Data records >>
_ _ _ _

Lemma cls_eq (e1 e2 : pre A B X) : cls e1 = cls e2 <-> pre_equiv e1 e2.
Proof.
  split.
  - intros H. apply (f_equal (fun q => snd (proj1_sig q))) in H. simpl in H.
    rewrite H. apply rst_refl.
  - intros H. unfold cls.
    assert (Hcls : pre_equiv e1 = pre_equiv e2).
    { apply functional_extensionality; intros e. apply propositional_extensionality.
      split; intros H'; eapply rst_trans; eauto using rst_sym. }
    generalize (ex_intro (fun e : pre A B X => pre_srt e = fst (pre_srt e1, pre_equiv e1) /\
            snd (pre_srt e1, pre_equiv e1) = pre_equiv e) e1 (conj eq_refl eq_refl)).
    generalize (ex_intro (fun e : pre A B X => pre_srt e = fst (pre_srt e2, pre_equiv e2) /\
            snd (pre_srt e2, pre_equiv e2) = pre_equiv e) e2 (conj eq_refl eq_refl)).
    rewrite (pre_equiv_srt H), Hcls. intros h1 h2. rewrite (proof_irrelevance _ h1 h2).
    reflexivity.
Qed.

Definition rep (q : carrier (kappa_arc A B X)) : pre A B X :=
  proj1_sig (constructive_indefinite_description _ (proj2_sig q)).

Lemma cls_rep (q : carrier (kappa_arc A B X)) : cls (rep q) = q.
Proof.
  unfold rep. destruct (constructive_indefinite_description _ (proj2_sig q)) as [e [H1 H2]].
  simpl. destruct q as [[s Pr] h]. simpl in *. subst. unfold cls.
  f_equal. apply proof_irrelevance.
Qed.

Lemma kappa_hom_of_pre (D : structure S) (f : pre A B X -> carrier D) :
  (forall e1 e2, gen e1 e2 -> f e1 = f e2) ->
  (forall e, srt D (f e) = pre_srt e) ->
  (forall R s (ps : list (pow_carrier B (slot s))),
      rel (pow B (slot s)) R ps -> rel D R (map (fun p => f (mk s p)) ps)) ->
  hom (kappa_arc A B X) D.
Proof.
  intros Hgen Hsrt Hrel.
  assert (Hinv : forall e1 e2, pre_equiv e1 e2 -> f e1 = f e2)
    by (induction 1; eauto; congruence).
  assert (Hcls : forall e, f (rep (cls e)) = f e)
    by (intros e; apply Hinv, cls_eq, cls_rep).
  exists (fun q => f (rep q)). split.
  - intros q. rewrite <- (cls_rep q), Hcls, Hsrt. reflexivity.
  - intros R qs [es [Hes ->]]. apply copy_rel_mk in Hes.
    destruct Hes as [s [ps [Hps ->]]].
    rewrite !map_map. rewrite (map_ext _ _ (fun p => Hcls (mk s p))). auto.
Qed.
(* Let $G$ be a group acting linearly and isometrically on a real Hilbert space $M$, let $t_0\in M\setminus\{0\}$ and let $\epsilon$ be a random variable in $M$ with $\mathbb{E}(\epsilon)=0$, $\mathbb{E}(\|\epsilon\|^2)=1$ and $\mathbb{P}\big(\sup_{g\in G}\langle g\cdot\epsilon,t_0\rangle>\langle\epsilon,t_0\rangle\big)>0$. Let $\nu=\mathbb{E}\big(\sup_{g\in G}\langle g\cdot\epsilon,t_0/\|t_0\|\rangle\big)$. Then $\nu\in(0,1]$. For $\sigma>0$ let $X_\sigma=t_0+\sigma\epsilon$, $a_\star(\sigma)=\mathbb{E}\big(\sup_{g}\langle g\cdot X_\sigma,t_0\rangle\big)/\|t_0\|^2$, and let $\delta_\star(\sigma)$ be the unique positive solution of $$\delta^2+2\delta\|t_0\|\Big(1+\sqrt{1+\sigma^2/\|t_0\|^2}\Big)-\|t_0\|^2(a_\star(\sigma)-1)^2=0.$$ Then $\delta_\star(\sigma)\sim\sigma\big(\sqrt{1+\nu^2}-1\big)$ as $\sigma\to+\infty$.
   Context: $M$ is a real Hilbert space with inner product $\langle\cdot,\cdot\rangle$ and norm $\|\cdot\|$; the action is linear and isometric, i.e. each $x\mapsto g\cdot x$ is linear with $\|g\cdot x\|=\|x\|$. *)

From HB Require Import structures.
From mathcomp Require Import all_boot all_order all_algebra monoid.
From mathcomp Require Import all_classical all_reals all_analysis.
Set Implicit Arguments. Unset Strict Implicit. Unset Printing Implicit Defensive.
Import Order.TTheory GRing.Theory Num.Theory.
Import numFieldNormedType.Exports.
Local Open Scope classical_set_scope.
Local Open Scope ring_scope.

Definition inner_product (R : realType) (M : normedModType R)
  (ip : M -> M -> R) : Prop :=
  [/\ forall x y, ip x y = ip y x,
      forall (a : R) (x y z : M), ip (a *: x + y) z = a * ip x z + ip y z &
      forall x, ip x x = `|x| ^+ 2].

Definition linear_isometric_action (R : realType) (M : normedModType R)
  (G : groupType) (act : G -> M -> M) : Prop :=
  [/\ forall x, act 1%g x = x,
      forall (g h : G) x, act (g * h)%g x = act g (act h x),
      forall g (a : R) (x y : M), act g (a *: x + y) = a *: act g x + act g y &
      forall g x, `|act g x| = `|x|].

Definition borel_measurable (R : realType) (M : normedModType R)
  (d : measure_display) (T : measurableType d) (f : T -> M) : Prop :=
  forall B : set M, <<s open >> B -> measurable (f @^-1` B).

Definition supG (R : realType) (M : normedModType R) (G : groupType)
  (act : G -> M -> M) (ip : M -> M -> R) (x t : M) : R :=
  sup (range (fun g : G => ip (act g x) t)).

_ _ _ _

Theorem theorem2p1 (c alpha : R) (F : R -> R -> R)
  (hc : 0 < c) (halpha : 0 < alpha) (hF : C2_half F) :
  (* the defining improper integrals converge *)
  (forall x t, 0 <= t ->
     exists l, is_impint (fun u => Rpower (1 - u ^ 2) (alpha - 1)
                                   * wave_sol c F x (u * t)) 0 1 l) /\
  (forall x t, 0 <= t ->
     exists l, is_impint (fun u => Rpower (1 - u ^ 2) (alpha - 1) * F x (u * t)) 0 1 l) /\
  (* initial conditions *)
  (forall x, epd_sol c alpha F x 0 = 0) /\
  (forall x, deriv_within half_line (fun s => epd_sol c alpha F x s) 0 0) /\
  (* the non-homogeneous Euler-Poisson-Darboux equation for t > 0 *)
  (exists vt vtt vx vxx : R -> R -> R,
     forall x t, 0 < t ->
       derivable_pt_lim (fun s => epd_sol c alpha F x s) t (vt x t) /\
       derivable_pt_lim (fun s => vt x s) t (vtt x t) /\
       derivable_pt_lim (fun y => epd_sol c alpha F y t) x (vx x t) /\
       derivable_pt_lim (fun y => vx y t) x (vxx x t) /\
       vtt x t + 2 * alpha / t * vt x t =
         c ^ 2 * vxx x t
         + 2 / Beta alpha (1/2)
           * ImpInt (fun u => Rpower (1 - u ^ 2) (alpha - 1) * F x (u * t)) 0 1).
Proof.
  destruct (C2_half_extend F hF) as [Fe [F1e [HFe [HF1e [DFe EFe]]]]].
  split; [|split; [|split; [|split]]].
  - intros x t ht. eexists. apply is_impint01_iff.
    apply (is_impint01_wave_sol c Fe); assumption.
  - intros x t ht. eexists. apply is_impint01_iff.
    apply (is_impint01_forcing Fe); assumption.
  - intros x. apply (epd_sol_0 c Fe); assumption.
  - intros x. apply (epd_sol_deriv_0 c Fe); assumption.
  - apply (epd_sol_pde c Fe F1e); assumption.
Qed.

_ _ _ _

What is expected >> Every line above from the line with "derivable_pt_lim (fun s => vt" to the line with "Beta alpha (1/2)", inclusive, must be returned exactly; no other line belongs in the reply.

Exercise response >>
       derivable_pt_lim (fun s => vt x s) t (vtt x t) /\
       derivable_pt_lim (fun y => epd_sol c alpha F y t) x (vx x t) /\
       derivable_pt_lim (fun y => vx y t) x (vxx x t) /\
       vtt x t + 2 * alpha / t * vt x t =
         c ^ 2 * vxx x t
         + 2 / Beta alpha (1/2)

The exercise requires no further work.